Your goal
From the entries below, return exactly the lines beginning at the one that contains "- rewrite stuffle_coefSS" and ending at the one that contains "End StuffleClosedForm.", both of them included, and only those lines.
---------- Data provided ----------
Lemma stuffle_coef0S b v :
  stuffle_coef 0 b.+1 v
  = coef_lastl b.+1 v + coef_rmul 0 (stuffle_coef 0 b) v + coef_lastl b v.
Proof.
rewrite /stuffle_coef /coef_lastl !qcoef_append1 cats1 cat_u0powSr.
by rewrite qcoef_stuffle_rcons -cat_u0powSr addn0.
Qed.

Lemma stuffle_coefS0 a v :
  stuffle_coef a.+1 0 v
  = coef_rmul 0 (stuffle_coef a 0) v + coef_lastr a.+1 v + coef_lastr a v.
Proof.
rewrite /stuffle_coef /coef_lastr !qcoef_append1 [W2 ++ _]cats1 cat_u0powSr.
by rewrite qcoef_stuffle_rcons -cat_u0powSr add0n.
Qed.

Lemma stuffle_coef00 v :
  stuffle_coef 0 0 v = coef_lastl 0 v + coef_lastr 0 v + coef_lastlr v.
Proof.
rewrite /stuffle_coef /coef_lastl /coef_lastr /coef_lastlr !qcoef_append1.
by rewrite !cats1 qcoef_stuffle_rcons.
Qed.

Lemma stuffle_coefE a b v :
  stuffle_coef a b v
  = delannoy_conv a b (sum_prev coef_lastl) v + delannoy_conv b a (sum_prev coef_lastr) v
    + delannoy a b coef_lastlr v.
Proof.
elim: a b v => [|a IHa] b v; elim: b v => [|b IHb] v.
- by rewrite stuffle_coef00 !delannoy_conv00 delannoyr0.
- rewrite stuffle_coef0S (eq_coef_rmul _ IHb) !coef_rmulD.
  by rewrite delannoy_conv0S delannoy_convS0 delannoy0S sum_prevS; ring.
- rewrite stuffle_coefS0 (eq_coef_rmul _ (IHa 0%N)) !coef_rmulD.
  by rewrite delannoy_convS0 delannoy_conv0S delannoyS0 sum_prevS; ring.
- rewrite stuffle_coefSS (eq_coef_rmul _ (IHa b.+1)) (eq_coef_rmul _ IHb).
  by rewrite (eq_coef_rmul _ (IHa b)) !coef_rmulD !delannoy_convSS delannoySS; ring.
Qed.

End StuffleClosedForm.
----------
---------- Data provided ----------
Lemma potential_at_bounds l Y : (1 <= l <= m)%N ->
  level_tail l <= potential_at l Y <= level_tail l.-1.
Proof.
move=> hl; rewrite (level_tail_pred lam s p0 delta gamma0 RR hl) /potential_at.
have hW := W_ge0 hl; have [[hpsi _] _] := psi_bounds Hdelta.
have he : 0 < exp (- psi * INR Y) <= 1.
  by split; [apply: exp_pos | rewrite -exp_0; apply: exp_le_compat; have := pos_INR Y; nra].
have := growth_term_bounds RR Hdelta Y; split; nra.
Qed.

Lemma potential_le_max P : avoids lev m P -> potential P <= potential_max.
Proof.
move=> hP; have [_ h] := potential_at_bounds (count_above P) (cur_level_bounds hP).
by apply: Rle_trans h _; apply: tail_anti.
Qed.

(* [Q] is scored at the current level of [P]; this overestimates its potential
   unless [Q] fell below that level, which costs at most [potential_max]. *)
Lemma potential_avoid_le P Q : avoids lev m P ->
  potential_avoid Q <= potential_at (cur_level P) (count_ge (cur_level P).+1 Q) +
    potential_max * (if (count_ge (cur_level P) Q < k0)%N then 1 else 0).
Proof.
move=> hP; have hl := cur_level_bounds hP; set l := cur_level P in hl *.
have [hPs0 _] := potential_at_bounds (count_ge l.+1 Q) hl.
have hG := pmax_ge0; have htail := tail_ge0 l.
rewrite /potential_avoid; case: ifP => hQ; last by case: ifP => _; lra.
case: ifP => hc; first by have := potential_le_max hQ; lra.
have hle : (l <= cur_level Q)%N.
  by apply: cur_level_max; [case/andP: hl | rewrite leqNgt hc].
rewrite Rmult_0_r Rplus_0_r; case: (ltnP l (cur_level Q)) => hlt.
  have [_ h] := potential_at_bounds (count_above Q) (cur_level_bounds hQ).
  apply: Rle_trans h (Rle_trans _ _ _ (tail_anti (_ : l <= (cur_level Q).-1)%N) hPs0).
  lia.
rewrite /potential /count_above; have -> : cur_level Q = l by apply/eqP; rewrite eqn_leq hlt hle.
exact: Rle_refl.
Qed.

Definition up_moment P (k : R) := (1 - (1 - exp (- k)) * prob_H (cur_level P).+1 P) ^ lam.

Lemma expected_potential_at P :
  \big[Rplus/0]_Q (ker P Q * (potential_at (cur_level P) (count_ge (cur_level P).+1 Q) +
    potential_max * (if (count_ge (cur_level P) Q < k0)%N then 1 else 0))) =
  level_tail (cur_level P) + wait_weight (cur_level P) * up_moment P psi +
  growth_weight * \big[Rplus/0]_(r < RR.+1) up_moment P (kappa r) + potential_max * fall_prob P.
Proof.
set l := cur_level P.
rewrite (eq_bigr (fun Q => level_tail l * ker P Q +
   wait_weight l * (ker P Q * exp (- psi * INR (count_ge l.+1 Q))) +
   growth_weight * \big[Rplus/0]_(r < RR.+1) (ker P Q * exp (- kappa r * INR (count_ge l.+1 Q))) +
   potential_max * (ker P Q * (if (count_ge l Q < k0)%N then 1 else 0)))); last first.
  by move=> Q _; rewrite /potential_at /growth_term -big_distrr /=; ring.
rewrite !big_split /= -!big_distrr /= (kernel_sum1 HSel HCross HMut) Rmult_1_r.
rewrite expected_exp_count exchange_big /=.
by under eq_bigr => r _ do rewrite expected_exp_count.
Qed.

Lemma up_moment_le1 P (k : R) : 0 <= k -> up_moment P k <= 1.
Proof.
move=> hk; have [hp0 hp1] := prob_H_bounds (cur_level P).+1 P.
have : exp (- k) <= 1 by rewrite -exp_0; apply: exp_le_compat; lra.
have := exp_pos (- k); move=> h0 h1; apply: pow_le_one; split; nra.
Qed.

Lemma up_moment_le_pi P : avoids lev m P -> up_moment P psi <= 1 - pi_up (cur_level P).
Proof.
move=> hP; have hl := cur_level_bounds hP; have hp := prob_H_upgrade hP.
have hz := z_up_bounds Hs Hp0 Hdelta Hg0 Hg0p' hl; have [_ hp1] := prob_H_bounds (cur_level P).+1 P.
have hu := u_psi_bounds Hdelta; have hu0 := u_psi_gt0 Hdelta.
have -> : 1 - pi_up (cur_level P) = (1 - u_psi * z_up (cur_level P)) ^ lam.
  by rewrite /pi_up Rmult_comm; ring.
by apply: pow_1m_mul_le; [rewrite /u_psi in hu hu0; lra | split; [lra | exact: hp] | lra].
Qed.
----------
---------- Data provided ----------
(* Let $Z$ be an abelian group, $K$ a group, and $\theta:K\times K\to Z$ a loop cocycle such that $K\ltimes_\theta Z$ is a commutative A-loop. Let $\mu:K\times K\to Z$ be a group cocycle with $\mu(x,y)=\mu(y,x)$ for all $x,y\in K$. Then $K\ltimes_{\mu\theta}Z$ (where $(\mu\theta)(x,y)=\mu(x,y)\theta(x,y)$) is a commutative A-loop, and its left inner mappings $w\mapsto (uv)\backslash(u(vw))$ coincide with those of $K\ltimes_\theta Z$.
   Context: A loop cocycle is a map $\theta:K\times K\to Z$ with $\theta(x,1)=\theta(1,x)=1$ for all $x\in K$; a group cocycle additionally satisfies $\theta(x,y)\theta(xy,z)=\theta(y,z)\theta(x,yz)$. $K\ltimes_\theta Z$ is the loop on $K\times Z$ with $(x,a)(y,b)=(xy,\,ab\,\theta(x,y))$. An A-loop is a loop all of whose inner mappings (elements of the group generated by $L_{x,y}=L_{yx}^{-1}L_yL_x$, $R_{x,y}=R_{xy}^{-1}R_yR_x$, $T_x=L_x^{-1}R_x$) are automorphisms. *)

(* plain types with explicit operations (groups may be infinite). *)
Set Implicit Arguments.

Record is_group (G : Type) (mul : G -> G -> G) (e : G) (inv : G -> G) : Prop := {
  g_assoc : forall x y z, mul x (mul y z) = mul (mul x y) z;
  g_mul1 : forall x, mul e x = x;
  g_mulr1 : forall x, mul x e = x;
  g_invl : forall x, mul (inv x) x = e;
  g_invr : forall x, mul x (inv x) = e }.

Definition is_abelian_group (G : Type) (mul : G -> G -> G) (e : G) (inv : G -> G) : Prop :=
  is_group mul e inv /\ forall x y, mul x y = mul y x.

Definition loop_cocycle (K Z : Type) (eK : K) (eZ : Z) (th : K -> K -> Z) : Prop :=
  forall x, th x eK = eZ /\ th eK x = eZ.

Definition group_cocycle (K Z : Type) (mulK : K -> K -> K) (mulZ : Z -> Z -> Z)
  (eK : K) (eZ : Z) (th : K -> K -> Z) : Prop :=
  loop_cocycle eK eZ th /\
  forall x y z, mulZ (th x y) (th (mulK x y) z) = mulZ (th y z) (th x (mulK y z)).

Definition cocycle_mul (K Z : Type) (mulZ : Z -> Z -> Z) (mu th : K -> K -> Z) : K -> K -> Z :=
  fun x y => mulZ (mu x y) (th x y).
----------
Answer space
- rewrite stuffle_coefSS (eq_coef_rmul _ (IHa b.+1)) (eq_coef_rmul _ IHb).
  by rewrite (eq_coef_rmul _ (IHa b)) !coef_rmulD !delannoy_convSS delannoySS; ring.
Qed.

End StuffleClosedForm.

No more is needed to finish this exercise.